- Work task
In the data below, the answer is the run of lines from the line containing "Definition achievable (R1" through the line containing "(** outputs of", both included; print it exactly and nothing else.

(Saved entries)
(* Let $q\ge 2$ and let $n,m$ be integers with $n/2\le m\le n$ and \[ \binom{2n-2m}{n-m}2^{2m-n}\le\binom{n}{m}q^{n-m}. \] Then for every integer $B\ge1$, the block communication scheme described in the context allows the receiver to recover the messages $w_1,w_2\in[q]^{Bm}$ of the two senders perfectly (with zero error) through at most $Bn+n-m+\lceil\log_q\binom nm\rceil$ uses of the two-user union channel with complete feedback. In particular, $R(\mathcal{O}_f)\ge R$, where $R$ is the solution in $(1/2,1]$ of $H_b(\alpha)+(1-\alpha)\log_2 q=1$, with $H_b(\alpha)=-\alpha\log_2\alpha-(1-\alpha)\log_2(1-\alpha)$ the binary entropy function.
   Context: The two-user union channel with input alphabet $[q]$ takes $x_1,x_2\in[q]$ and outputs $\{x_1,x_2\}$; with complete feedback, both senders see all previous channel outputs. An $(M_1,M_2,N,0)$ code with complete feedback consists of encoders $e_{ik}\colon[M_i]\times\mathcal{Y}^{k-1}\to[q]$ ($i=1,2$, $k\le N$, $\mathcal{Y}=\{y\subseteq[q]:|y|\in\{1,2\}\}$) and a decoder that recovers $(w_1,w_2)$ from the outputs $y_k=\{e_{1k}(w_1,y_{<k}),e_{2k}(w_2,y_{<k})\}$ without error for all messages. The zero-error capacity region $\mathcal{O}_f$ is the closure of $\{(R_1,R_2): NR_1\le\log_q M_1, NR_2\le\log_q M_2\text{ for some }(M_1,M_2,N,0)\text{ code}\}$, and $R(\mathcal{O}_f)=\sup\{\frac12(R_1+R_2):(R_1,R_2)\in\mathcal{O}_f\}$. The scheme: messages $w_1,w_2\in[q]^{Bm}$ with digits $w_{1i},w_{2i}$. Let $S=\{(s_1,\dots,s_n): s_k\in\{*\}\cup[q],\ |\{k:s_k=*\}|=m\}$, so $|S|=\binom nm q^{n-m}$. After block $b$ ($0\le b\le B$), $U(b)\subseteq([q]\times[q])^{bm}$ is the set of candidate values of $((w_{1i},w_{2i}))_{i=1}^{bm}$ consistent with all outputs so far ($U(0)$ contains only the empty sequence), and both senders know $((w_{1i},w_{2i}))_{i=1}^{bm}$. In block $b+1$ ($b<B$, length $n$), the elements of $U(b)$ are injectively indexed by elements of $S$ via a rule fixed in advance (e.g. lexicographic orders, provided $|U(b)|\le|S|$); let $(s_1,\dots,s_n)$ be the index of the true value. At the $k$-th use, if $s_k\in[q]$ both senders send $s_k$; if $s_k$ is the $i$-th star, sender 1 sends $w_{1,bm+i}$ and sender 2 sends $w_{2,bm+i}$ (by feedback each then learns the other's digit). In the final block $B+1$, the senders resolve the remaining uncertainty $U(B)$ using $\lceil\log_q|U(B)|\rceil$ channel uses. *)

From Stdlib Require Import Reals.
From mathcomp Require Import all_boot.

Set Implicit Arguments. Unset Strict Implicit. Unset Printing Implicit Defensive.

Section Union.
Variable q : nat.
Local Open Scope R_scope.

Definition dpair := ('I_q * 'I_q)%type.
(** channel output alphabet: subsets of [q] (of size 1 or 2) *)
Definition out := {set 'I_q}.
Definition union_out (x1 x2 : 'I_q) : out := [set x1; x2].

(** Encoder [e k w p] is the input at use number [k.+1] (k < N), given the
    message [w] and the previous outputs [p] (a sequence of length k). *)
Fixpoint outs (M1 M2 : nat) (e1 : nat -> 'I_M1 -> seq out -> 'I_q)
  (e2 : nat -> 'I_M2 -> seq out -> 'I_q) (k : nat) (w1 : 'I_M1) (w2 : 'I_M2)
  : seq out :=
  match k with
  | 0 => [::]
  | k'.+1 => let p := outs e1 e2 k' w1 w2 in
             rcons p (union_out (e1 k' w1 p) (e2 k' w2 p))
  end.

Definition fb_code (M1 M2 N : nat) : Prop :=
  exists (e1 : nat -> 'I_M1 -> seq out -> 'I_q)
         (e2 : nat -> 'I_M2 -> seq out -> 'I_q)
         (dec : seq out -> 'I_M1 * 'I_M2),
    forall w1 w2, dec (outs e1 e2 N w1 w2) = (w1, w2).

Definition logq (x : nat) : R := (ln (INR x) / ln (INR q)).

Definition achievable (R1 R2 : R) : Prop :=
  exists M1 M2 N : nat, (0 < N)%N /\ fb_code M1 M2 N /\
    (INR N * R1 <= logq M1) /\ (INR N * R2 <= logq M2).

Definition Of_region (R1 R2 : R) : Prop :=
  forall eps : R, (0 < eps) -> exists a b : R, achievable a b /\
    (Rabs (a - R1) < eps) /\ (Rabs (b - R2) < eps).

Definition sum_rates (x : R) : Prop :=
  exists R1 R2 : R, Of_region R1 R2 /\ x = ((R1 + R2) / 2).

Definition ROf_ge (r : R) : Prop :=
  exists s : R, is_lub sum_rates s /\ (r <= s).

Fixpoint allseqs (k : nat) : seq (seq dpair) :=
  match k with
  | 0 => [:: [::]]
  | k'.+1 => [seq x :: s | x <- enum [set: dpair], s <- allseqs k']
  end.

Section Scheme.
Local Open Scope nat_scope.
Variables (n m : nat).

(** S: sequences of length n over {*} u [q] (None = star) with m stars *)
Definition inS (s : seq (option 'I_q)) : bool :=
  (size s == n) && (count (pred1 None) s == m).

(** outputs of one block of length n with index s and new digits d: at a
    non-star position both send s_k; at the i-th star, sender j sends the
    i-th new digit of w_j. *)
Fixpoint blk (s : seq (option 'I_q)) (d : seq dpair) : seq out :=
  match s with
  | [::] => [::]
  | Some a :: s' => union_out a a :: blk s' d
  | None :: s' => match d with
                  | [::] => [::]
                  | x :: d' => union_out x.1 x.2 :: blk s' d'
                  end
  end.
Theorem lemma1 (R : realType) (J : nat) (Sigma : 'M[R]_J) (g1 g2 : R)
  (y : 'cV[R]_J) (f : R -> R) :
  spd Sigma -> 0 < g1 -> 0 < g2 -> measurable_fun setT f ->
  ereal_inf [set P [set x : J.-tuple R | f (sc (y^T *m vec_of x)) <= 0]
            | P in amb_s Sigma g1 g2] =
  ereal_inf [set P [set x : R | f x <= 0] | P in amb_xi Sigma g1 g2 y].
Proof.
move=> S_spd g1_gt0 g2_gt0 mf; congr ereal_inf; apply/seteqP; split => _ [P HP <-].
  exists (distribution P (proj_tuple y)).
    exact: amb_xi_distribution_proj (ltW g1_gt0) HP.
  by congr (P _); apply/funext => x; rewrite /= sc_vec_of.
exists (distribution P (lift_tuple (lift_dir Sigma y))).
  exact: amb_s_distribution_lift (ltW g1_gt0) (ltW g2_gt0) HP.
rewrite /distribution /pushforward.
set q := bform Sigma y y.
have projE t : sc (y^T *m vec_of (lift_tuple (lift_dir Sigma y) t)) = q^-1 * q * t.
  by rewrite sc_vec_of proj_lift_tuple lift_dirE.
have [q0|q0] := eqVneq q 0; last first.
  by congr (P _); apply/funext => t; rewrite /= projE mulVf // mul1r.
have mfle0 : measurable [set x : R | f x <= 0].
  by rewrite -[X in measurable X]setTI; exact: mf (measurable_itv `]-oo, 0]).
case: HP => _ [P2 [_ P_sm]].
have P0 : {ae P, forall t, t = 0}.
  by apply: sqr_integral_le0_ae0 P2 _; rewrite -[sc _]/q q0 mulr0 in P_sm.
rewrite (probability_ae_const _ _ mfle0 P0) /=; congr (P _); apply/funext => t /=.
by rewrite projE q0 mulr0 mul0r.
Qed.
(* Let $\mathbb{K}$ be a field of characteristic $0$, $\mathcal{S}=\mathbb{K}[x_0,\dots,x_n]$, $R=\mathbb{K}[x_1,\dots,x_n]$, $k\le d$, $\omega\in\mathcal{S}_k$ and $\ell=x_0+\xi_1x_1+\dots+\xi_nx_n$ with $\xi\in\mathbb{K}^n$ and $\ell\nmid\omega$. Let $I_\xi:=\{p\in R:p\star(\omega^{d,\ell,\mathbf x}(\mathbf z)\,e_\xi(\mathbf z))=0\}$ and $\mathcal{A}_\xi:=R/I_\xi$. Then $\mathcal{N}(\mathcal{A}_\xi)-1=k=\deg(\omega)$.
   Context: $R^*$ is identified with $\mathbb{K}[[z_1,\dots,z_n]]$ via $\sum_\alpha\varphi_\alpha\mathbf z^\alpha/\alpha!\leftrightarrow(\mathbf x^\alpha\mapsto\varphi_\alpha)$; for $p\in R$, $p\star\varphi$ is the functional $q\mapsto\varphi(pq)$; $e_\xi(\mathbf z)=\exp(\sum_i\xi_iz_i)$. Writing $\omega=\sum_{j=0}^k\omega_j\ell^{k-j}$ with $\omega_j\in\mathbb{K}[x_1,\dots,x_n]_j$, set $\omega^{d,\ell,\mathbf x}:=\frac1{d!}\sum_{j=0}^k(d-j)!\,\omega_j$, read in the variables $z_1,\dots,z_n$. $I_\xi$ is an ideal contained in $\mathfrak m_\xi=(x_1-\xi_1,\dots,x_n-\xi_n)$, so $a(\xi)$ is well defined for $a\in\mathcal{A}_\xi$. The nil-index $\mathcal{N}(\mathcal{A}_\xi)$ is the minimal $N\in\mathbb{N}$ such that $(a-a(\xi))^N=0$ in $\mathcal{A}_\xi$ for every $a\in\mathcal{A}_\xi$. *)

From HB Require Import structures.
From mathcomp Require Import all_boot all_order all_algebra.
From mathcomp Require Import mpoly.
Set Implicit Arguments. Unset Strict Implicit. Unset Printing Implicit Defensive.
Import Order.TTheory GRing.Theory.
Local Open Scope ring_scope.

Section Defs.
Variables (K : fieldType) (n : nat).

Definition mfact (a : 'X_{1..n}) : nat := \prod_(i < n) (a i)`!.

(* Formal power series in z_1..z_n, given by their ordinary coefficients:
   F = \sum_alpha F alpha * z^alpha. *)
Definition series := 'X_{1..n} -> K.

(* e_xi(z) = exp(sum_i xi_i z_i) = sum_alpha xi^alpha / alpha! z^alpha *)
Definition exp_series (xi : 'I_n -> K) : series :=
  fun a => (\prod_(i < n) xi i ^+ a i) / (mfact a)%:R.

Definition polyser_mul (g : {mpoly K[n]}) (F : series) : series :=
  fun a => \sum_(m <- msupp g) (if (m <= a)%MM then g@_m * F (a - m)%MM else 0).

- Completed exercise
Definition achievable (R1 R2 : R) : Prop :=
  exists M1 M2 N : nat, (0 < N)%N /\ fb_code M1 M2 N /\
    (INR N * R1 <= logq M1) /\ (INR N * R2 <= logq M2).

Definition Of_region (R1 R2 : R) : Prop :=
  forall eps : R, (0 < eps) -> exists a b : R, achievable a b /\
    (Rabs (a - R1) < eps) /\ (Rabs (b - R2) < eps).

Definition sum_rates (x : R) : Prop :=
  exists R1 R2 : R, Of_region R1 R2 /\ x = ((R1 + R2) / 2).

Definition ROf_ge (r : R) : Prop :=
  exists s : R, is_lub sum_rates s /\ (r <= s).

Fixpoint allseqs (k : nat) : seq (seq dpair) :=
  match k with
  | 0 => [:: [::]]
  | k'.+1 => [seq x :: s | x <- enum [set: dpair], s <- allseqs k']
  end.

Section Scheme.
Local Open Scope nat_scope.
Variables (n m : nat).

(** S: sequences of length n over {*} u [q] (None = star) with m stars *)
Definition inS (s : seq (option 'I_q)) : bool :=
  (size s == n) && (count (pred1 None) s == m).

(** outputs of one block of length n with index s and new digits d: at a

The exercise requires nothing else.